= What is needed =
Copy out each line of the data that contains "teeth".

Source material Block Start

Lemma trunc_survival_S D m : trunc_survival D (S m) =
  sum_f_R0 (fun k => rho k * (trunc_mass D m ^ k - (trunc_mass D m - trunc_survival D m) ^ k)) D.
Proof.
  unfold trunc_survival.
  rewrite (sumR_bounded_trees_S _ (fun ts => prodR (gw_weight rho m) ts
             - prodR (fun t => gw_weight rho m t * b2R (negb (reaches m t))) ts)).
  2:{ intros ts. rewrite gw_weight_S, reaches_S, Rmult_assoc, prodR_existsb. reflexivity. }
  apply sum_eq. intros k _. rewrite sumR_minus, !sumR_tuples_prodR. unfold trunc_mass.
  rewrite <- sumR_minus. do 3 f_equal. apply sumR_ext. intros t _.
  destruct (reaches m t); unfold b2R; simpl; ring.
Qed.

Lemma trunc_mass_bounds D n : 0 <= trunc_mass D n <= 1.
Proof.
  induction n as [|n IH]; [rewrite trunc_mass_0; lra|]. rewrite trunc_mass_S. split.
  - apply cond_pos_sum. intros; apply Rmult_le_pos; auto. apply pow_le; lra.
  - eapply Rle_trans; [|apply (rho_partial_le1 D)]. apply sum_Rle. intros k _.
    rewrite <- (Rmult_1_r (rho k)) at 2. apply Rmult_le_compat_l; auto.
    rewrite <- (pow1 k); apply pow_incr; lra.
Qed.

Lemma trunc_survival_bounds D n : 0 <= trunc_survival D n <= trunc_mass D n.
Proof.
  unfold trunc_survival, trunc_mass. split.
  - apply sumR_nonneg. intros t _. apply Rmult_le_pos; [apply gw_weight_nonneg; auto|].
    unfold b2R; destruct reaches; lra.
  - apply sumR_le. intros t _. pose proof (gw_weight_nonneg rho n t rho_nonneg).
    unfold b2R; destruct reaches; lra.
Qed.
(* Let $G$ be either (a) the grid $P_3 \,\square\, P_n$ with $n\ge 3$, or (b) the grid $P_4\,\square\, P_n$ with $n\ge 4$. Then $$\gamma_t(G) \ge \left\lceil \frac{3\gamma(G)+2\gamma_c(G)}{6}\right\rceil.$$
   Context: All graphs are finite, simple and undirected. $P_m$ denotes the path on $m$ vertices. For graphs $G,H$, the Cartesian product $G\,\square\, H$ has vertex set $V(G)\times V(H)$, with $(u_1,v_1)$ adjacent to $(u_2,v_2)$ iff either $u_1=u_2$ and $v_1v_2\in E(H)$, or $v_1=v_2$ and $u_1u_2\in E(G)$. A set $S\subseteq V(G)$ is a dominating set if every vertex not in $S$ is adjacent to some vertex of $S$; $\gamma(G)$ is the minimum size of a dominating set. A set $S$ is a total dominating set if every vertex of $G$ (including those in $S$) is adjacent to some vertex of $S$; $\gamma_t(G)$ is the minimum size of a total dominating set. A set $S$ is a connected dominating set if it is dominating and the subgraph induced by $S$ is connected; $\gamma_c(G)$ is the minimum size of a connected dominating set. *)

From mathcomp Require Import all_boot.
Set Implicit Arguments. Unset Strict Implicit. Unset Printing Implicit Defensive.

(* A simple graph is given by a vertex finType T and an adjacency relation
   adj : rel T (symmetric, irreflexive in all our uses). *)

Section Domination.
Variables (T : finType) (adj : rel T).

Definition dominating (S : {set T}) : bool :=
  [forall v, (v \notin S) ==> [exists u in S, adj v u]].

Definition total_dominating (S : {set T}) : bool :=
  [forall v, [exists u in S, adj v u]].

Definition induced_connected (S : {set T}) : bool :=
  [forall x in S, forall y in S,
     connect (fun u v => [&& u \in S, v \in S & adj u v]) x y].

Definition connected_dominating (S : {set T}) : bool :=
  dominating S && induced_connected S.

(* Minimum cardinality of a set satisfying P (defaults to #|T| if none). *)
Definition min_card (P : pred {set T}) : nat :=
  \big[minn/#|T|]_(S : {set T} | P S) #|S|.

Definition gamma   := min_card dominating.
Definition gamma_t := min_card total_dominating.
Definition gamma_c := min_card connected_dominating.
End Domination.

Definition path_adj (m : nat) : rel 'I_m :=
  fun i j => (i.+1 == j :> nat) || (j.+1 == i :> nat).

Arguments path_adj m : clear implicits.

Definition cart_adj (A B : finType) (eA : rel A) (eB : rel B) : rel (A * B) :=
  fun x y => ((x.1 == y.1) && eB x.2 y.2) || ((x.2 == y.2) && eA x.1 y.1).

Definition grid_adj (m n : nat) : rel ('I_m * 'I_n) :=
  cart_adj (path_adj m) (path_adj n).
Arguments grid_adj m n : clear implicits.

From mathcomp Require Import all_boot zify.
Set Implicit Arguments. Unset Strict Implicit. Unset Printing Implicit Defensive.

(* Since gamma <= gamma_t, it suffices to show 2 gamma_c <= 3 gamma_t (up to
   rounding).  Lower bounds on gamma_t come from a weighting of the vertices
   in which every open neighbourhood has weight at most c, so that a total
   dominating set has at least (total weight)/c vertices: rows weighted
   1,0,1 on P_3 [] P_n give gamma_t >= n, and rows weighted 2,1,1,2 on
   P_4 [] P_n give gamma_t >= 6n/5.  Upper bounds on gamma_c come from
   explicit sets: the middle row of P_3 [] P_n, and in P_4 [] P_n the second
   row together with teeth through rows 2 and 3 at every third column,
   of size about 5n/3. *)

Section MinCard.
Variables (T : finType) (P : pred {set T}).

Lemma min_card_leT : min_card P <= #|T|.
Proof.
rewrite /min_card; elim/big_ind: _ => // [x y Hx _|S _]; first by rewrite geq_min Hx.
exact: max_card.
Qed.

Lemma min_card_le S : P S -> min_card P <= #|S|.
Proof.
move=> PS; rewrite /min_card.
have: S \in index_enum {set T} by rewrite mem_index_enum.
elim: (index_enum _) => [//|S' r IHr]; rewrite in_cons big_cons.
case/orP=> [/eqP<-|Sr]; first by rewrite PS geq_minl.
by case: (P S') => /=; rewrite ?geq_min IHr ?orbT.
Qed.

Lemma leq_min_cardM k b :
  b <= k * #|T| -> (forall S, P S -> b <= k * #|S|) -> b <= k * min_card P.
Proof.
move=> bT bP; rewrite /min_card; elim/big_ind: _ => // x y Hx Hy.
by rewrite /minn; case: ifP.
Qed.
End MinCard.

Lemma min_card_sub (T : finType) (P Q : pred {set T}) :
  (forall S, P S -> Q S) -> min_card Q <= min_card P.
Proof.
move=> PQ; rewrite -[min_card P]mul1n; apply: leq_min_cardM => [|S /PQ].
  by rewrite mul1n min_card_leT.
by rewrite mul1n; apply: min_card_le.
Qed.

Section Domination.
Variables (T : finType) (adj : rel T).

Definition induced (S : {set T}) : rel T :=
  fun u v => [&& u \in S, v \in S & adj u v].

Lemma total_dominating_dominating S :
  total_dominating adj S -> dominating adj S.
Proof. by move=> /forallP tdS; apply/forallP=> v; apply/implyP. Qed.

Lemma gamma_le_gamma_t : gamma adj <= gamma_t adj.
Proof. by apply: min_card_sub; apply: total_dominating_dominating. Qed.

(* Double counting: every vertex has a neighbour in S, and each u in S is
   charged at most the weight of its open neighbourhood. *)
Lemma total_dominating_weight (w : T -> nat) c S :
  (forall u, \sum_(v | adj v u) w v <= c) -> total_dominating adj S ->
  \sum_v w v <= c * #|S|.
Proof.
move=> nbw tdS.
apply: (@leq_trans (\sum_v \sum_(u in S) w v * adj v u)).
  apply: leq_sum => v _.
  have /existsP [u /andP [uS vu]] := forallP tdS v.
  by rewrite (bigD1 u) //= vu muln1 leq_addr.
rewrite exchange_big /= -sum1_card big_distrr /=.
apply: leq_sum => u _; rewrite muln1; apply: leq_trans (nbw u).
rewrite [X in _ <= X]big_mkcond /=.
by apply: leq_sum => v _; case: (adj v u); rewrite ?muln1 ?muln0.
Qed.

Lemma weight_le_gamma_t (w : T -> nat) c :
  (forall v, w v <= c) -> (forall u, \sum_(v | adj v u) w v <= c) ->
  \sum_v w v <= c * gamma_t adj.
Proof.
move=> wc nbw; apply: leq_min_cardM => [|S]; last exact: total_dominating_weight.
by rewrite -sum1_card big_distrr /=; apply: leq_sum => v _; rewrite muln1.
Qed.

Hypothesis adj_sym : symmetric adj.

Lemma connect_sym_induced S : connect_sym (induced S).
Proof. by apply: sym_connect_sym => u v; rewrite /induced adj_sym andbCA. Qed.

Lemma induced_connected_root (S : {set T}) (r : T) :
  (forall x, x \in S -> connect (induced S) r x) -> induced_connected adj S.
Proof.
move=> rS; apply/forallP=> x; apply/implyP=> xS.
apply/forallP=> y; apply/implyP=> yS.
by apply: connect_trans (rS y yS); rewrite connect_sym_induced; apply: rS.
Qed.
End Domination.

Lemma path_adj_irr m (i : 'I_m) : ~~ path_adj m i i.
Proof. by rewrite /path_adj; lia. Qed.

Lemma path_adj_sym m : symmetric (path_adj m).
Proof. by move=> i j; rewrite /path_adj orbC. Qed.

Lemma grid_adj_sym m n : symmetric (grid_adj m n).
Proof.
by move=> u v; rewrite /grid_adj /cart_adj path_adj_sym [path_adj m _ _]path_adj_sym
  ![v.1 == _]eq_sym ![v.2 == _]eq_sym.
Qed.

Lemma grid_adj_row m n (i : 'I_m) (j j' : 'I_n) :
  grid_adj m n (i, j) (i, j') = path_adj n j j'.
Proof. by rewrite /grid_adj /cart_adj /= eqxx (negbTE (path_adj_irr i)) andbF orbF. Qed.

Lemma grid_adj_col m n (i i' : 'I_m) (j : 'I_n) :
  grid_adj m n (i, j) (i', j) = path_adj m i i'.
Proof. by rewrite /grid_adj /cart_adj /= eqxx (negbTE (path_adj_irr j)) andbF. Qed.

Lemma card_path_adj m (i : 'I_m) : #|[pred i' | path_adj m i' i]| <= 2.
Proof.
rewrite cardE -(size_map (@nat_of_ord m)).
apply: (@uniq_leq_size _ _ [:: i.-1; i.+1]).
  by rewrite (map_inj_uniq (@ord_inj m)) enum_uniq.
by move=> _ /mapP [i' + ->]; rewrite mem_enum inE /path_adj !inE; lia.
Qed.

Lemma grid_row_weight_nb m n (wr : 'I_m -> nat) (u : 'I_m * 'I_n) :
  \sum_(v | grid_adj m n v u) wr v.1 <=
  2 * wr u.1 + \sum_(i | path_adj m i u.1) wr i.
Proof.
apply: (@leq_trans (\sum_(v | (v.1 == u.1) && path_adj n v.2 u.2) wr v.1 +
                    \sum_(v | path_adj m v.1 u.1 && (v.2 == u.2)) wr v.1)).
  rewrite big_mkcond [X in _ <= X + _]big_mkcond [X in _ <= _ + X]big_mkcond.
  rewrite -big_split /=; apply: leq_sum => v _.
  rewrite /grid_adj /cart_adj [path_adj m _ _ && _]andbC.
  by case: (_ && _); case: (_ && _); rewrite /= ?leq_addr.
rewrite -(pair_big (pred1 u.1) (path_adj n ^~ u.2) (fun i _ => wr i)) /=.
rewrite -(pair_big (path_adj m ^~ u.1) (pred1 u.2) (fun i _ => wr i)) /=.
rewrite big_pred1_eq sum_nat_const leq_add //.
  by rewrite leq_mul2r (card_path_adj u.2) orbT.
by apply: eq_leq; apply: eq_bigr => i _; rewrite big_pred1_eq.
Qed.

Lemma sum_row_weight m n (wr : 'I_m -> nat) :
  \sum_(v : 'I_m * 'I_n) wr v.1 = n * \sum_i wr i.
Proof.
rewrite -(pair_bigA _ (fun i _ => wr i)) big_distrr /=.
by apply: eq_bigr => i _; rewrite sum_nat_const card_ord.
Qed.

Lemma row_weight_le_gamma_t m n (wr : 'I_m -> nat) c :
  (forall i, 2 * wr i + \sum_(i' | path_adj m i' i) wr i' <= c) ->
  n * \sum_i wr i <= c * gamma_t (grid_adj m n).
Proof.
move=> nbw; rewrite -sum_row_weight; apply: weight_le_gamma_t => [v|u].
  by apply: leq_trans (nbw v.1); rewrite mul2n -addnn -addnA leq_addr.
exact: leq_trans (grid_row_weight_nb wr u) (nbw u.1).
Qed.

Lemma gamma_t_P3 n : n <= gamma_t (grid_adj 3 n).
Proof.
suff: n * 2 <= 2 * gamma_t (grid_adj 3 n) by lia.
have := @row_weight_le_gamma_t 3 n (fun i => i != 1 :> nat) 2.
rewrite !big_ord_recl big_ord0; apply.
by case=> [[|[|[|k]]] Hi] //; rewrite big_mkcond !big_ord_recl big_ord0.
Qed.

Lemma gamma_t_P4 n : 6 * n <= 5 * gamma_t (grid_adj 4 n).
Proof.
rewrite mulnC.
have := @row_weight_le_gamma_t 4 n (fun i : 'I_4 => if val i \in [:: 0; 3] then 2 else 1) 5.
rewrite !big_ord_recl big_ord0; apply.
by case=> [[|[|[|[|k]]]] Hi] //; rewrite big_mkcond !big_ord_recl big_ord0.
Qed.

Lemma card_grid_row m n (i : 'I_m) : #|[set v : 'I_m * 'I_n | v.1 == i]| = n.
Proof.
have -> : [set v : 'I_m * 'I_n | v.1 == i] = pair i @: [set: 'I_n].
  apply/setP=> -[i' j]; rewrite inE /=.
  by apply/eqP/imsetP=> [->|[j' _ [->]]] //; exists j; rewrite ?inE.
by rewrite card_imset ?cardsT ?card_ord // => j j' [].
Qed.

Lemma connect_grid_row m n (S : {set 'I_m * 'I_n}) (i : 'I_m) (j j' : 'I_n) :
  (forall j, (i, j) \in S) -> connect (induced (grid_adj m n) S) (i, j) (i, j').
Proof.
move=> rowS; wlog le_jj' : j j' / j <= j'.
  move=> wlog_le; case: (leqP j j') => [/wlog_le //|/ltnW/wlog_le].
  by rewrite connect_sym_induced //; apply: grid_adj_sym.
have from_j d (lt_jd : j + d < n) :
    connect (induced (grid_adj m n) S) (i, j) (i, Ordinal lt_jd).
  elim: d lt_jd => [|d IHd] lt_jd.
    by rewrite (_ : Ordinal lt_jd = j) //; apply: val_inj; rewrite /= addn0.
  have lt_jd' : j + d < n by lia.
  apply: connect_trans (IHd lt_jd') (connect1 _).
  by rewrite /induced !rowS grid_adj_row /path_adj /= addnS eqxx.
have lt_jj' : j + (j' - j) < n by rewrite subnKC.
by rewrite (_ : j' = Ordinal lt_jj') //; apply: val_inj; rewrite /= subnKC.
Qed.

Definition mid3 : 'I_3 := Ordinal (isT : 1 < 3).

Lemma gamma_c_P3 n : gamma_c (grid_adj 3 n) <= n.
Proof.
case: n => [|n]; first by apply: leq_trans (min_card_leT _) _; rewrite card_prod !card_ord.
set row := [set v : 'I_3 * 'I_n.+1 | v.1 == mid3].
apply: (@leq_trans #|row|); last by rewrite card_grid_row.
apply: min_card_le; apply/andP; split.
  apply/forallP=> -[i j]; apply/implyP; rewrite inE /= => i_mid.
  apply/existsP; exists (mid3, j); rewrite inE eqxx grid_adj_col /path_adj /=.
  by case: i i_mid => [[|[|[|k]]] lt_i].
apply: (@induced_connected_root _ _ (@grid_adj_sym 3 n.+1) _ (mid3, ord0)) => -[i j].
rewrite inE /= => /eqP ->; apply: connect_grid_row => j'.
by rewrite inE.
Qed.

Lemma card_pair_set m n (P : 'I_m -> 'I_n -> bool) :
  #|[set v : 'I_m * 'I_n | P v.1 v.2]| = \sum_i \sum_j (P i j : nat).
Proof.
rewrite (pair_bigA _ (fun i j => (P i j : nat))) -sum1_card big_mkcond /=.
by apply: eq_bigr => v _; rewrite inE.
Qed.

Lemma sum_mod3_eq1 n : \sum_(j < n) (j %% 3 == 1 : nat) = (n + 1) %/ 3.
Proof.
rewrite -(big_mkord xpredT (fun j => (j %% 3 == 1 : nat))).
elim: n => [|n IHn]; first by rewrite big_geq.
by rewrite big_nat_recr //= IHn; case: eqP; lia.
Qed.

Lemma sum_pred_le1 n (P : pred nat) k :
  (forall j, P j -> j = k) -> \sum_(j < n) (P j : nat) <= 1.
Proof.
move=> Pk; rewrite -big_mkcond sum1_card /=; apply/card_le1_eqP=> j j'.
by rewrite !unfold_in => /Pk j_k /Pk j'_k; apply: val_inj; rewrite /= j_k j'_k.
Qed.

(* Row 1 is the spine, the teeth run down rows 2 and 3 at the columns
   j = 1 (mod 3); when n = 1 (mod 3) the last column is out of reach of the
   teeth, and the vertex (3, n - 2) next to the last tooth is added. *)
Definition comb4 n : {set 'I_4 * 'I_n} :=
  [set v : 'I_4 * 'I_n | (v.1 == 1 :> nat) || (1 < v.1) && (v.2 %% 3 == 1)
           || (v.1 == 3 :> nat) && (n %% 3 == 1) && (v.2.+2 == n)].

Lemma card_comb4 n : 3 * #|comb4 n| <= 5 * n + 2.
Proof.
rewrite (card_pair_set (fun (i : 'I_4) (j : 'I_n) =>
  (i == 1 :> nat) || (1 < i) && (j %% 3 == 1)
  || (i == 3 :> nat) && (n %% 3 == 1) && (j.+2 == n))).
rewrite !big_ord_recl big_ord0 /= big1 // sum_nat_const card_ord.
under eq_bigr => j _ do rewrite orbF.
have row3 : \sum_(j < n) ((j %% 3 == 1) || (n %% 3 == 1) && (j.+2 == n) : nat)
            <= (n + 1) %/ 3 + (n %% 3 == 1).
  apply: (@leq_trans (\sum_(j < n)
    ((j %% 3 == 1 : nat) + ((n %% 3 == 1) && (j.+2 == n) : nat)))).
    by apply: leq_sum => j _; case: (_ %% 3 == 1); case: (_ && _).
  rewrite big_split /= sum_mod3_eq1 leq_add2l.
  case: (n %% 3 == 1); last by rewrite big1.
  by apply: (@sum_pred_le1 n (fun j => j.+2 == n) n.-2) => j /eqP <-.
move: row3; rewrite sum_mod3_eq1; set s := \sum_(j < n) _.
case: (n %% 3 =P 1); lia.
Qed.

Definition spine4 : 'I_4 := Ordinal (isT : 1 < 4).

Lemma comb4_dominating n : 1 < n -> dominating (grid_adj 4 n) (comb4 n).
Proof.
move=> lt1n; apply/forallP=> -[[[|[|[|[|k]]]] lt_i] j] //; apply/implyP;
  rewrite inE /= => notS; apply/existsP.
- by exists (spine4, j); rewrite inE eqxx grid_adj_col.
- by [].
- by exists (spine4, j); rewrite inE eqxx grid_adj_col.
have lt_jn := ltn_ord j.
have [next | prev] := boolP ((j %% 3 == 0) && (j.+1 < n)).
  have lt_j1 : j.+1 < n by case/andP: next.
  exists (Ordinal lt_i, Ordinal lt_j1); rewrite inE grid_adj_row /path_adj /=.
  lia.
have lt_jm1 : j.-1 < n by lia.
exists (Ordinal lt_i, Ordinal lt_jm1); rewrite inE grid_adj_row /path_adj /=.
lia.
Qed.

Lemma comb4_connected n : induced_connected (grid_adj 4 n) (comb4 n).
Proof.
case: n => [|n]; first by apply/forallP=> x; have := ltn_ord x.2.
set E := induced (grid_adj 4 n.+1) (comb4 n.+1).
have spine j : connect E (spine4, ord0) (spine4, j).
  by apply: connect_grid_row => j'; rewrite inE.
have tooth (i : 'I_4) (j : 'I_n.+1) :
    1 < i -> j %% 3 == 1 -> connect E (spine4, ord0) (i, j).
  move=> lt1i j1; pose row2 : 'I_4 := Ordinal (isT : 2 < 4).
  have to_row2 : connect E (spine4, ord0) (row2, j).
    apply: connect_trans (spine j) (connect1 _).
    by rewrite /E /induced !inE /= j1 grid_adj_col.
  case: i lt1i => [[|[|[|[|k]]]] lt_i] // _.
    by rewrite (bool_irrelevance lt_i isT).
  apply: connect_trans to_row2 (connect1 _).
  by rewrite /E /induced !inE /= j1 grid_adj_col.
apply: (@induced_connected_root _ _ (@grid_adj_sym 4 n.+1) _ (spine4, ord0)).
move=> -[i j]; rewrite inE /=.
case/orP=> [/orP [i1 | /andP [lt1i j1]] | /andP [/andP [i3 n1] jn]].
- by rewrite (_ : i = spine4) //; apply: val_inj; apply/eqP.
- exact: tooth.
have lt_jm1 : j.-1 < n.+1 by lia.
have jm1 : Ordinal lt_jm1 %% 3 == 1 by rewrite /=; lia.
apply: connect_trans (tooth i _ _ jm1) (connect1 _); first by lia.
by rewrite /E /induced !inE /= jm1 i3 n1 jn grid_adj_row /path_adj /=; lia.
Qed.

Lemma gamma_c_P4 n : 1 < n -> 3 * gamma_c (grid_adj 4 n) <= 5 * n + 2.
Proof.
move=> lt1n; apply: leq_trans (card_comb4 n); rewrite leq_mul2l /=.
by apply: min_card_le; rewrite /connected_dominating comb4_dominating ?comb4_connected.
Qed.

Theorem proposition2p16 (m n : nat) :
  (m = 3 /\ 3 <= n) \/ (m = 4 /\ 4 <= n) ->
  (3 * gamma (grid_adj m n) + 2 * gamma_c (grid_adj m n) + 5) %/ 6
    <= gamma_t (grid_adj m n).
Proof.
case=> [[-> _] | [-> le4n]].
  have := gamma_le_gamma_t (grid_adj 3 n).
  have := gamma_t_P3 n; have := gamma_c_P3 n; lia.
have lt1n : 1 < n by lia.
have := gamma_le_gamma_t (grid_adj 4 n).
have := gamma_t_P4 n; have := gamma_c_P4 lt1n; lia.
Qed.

Source material Block End

= Exercise response =
   row together with teeth through rows 2 and 3 at every third column,
(* Row 1 is the spine, the teeth run down rows 2 and 3 at the columns
   teeth, and the vertex (3, n - 2) next to the last tooth is added. *)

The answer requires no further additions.